(Data excerpts)
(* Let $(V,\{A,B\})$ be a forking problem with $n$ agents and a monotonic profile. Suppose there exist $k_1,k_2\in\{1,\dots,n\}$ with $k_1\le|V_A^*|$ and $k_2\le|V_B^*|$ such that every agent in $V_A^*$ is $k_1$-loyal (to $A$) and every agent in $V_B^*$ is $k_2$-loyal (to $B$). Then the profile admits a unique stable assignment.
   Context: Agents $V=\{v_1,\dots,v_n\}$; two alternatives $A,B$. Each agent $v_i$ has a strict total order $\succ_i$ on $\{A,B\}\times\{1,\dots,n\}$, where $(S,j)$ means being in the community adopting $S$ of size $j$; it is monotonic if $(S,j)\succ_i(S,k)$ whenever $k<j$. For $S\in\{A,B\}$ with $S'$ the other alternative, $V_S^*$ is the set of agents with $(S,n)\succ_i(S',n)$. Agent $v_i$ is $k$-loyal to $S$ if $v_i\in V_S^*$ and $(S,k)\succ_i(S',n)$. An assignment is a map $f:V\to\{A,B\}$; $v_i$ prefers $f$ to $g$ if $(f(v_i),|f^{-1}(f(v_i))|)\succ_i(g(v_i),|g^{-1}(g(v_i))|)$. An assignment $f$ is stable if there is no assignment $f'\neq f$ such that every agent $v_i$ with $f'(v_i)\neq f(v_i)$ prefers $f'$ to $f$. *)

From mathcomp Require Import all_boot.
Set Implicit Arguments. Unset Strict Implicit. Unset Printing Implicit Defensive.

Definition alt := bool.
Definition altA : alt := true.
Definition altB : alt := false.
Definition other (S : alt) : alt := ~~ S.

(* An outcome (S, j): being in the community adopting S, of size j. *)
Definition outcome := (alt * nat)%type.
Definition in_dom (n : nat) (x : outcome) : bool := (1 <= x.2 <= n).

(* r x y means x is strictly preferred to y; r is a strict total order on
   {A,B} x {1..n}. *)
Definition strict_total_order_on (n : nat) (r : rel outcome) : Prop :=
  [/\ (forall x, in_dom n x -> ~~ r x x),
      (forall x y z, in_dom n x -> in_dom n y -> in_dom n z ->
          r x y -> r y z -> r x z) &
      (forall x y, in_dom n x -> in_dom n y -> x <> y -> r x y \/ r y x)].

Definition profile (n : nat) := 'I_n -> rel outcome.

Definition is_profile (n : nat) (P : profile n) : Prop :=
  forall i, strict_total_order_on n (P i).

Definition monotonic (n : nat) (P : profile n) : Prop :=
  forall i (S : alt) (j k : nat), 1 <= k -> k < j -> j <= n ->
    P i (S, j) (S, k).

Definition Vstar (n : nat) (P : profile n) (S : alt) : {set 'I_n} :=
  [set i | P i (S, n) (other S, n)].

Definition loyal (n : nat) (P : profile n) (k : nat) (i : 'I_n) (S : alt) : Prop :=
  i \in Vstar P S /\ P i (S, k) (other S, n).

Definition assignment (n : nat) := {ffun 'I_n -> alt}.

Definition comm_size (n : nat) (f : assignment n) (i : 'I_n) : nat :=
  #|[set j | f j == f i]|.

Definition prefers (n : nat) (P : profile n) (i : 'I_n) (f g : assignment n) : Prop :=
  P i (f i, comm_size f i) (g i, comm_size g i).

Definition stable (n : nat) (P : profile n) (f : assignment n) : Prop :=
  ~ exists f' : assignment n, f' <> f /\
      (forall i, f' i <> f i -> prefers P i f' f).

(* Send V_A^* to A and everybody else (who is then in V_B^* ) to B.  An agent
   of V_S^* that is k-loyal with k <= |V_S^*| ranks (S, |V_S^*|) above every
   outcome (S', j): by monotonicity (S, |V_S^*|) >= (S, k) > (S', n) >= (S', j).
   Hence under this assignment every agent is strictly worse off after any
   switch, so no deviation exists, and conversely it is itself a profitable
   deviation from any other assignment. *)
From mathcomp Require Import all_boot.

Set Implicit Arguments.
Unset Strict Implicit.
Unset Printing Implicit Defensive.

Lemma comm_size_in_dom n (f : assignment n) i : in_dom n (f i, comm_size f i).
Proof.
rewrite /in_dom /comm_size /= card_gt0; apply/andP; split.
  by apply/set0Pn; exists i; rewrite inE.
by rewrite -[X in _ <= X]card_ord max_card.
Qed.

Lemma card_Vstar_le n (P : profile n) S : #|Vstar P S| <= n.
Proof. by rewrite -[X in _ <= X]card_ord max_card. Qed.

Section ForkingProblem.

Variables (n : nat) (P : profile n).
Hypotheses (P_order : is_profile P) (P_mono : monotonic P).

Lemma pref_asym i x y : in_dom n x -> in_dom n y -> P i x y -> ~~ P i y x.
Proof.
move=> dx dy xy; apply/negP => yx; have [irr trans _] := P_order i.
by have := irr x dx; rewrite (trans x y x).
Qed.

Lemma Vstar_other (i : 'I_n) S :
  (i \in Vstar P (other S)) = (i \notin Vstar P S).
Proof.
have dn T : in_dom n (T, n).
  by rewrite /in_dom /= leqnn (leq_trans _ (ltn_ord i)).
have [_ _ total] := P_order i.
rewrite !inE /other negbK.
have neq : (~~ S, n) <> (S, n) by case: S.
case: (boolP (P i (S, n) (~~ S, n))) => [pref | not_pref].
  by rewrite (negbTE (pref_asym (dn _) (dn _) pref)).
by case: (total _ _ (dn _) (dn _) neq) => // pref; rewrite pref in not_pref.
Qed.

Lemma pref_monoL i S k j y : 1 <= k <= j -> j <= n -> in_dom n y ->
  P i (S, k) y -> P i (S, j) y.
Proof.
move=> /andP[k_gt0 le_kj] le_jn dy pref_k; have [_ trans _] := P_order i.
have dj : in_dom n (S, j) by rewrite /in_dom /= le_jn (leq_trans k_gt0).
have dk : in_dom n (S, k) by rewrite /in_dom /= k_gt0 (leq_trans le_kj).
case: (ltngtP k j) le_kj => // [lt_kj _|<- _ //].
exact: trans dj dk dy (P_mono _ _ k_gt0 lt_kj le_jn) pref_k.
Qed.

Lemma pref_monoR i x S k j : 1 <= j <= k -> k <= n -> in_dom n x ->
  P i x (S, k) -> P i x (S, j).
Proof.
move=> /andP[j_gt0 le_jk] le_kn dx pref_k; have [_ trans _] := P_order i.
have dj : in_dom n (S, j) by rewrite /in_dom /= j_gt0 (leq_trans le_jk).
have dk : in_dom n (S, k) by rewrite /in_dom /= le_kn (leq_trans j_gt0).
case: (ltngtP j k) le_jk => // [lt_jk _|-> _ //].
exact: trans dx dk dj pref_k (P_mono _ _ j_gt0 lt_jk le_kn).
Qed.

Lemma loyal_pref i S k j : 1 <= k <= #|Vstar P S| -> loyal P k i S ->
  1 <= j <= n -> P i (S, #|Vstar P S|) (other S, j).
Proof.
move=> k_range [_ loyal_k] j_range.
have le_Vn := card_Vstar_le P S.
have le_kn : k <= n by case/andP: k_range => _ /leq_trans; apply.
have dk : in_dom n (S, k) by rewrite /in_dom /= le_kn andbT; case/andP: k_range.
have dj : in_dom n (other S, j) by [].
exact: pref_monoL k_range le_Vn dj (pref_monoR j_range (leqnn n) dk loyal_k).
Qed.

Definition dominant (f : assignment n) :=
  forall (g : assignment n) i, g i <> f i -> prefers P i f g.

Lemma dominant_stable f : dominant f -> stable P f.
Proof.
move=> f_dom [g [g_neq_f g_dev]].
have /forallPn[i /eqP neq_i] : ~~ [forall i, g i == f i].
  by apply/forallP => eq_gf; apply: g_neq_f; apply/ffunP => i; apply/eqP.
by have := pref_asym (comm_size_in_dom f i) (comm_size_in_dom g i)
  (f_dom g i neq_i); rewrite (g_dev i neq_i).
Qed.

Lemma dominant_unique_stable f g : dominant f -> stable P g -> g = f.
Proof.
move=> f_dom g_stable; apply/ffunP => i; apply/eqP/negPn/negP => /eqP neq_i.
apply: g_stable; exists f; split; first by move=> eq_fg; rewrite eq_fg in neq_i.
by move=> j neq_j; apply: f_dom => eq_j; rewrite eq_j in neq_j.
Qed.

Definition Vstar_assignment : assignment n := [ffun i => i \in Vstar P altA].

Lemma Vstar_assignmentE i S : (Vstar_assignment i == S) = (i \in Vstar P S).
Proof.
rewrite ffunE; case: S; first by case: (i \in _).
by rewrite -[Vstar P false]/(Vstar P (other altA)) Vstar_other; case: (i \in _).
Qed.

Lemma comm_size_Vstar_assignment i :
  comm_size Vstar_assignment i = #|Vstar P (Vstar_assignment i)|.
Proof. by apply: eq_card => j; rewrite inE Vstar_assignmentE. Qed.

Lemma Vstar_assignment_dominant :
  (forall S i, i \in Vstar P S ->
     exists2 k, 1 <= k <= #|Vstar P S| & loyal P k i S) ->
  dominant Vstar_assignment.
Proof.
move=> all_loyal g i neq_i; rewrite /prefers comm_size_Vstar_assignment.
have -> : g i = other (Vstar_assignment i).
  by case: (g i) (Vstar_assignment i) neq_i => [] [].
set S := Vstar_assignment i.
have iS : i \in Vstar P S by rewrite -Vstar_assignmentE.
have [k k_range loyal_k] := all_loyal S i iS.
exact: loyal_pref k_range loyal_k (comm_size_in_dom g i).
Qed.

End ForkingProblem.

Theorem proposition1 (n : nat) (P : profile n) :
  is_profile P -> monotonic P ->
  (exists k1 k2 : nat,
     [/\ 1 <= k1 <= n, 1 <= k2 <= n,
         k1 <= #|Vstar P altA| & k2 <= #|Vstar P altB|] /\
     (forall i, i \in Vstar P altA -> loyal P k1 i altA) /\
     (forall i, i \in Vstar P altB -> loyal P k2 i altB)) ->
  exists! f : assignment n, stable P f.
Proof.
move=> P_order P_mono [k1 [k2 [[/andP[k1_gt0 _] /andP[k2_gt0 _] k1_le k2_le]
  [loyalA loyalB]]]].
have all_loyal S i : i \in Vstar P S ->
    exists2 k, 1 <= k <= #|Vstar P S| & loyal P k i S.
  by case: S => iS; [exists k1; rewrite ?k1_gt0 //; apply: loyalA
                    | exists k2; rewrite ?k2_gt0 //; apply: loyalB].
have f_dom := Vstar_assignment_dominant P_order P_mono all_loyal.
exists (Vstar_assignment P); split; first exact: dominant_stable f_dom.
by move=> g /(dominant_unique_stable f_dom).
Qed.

### ACTIVITY:
Return a copy of every line in the records that includes the string "means".

### EXERCISE OUTPUT:
   Context: Agents $V=\{v_1,\dots,v_n\}$; two alternatives $A,B$. Each agent $v_i$ has a strict total order $\succ_i$ on $\{A,B\}\times\{1,\dots,n\}$, where $(S,j)$ means being in the community adopting $S$ of size $j$; it is monotonic if $(S,j)\succ_i(S,k)$ whenever $k<j$. For $S\in\{A,B\}$ with $S'$ the other alternative, $V_S^*$ is the set of agents with $(S,n)\succ_i(S',n)$. Agent $v_i$ is $k$-loyal to $S$ if $v_i\in V_S^*$ and $(S,k)\succ_i(S',n)$. An assignment is a map $f:V\to\{A,B\}$; $v_i$ prefers $f$ to $g$ if $(f(v_i),|f^{-1}(f(v_i))|)\succ_i(g(v_i),|g^{-1}(g(v_i))|)$. An assignment $f$ is stable if there is no assignment $f'\neq f$ such that every agent $v_i$ with $f'(v_i)\neq f(v_i)$ prefers $f'$ to $f$. *)
(* r x y means x is strictly preferred to y; r is a strict total order on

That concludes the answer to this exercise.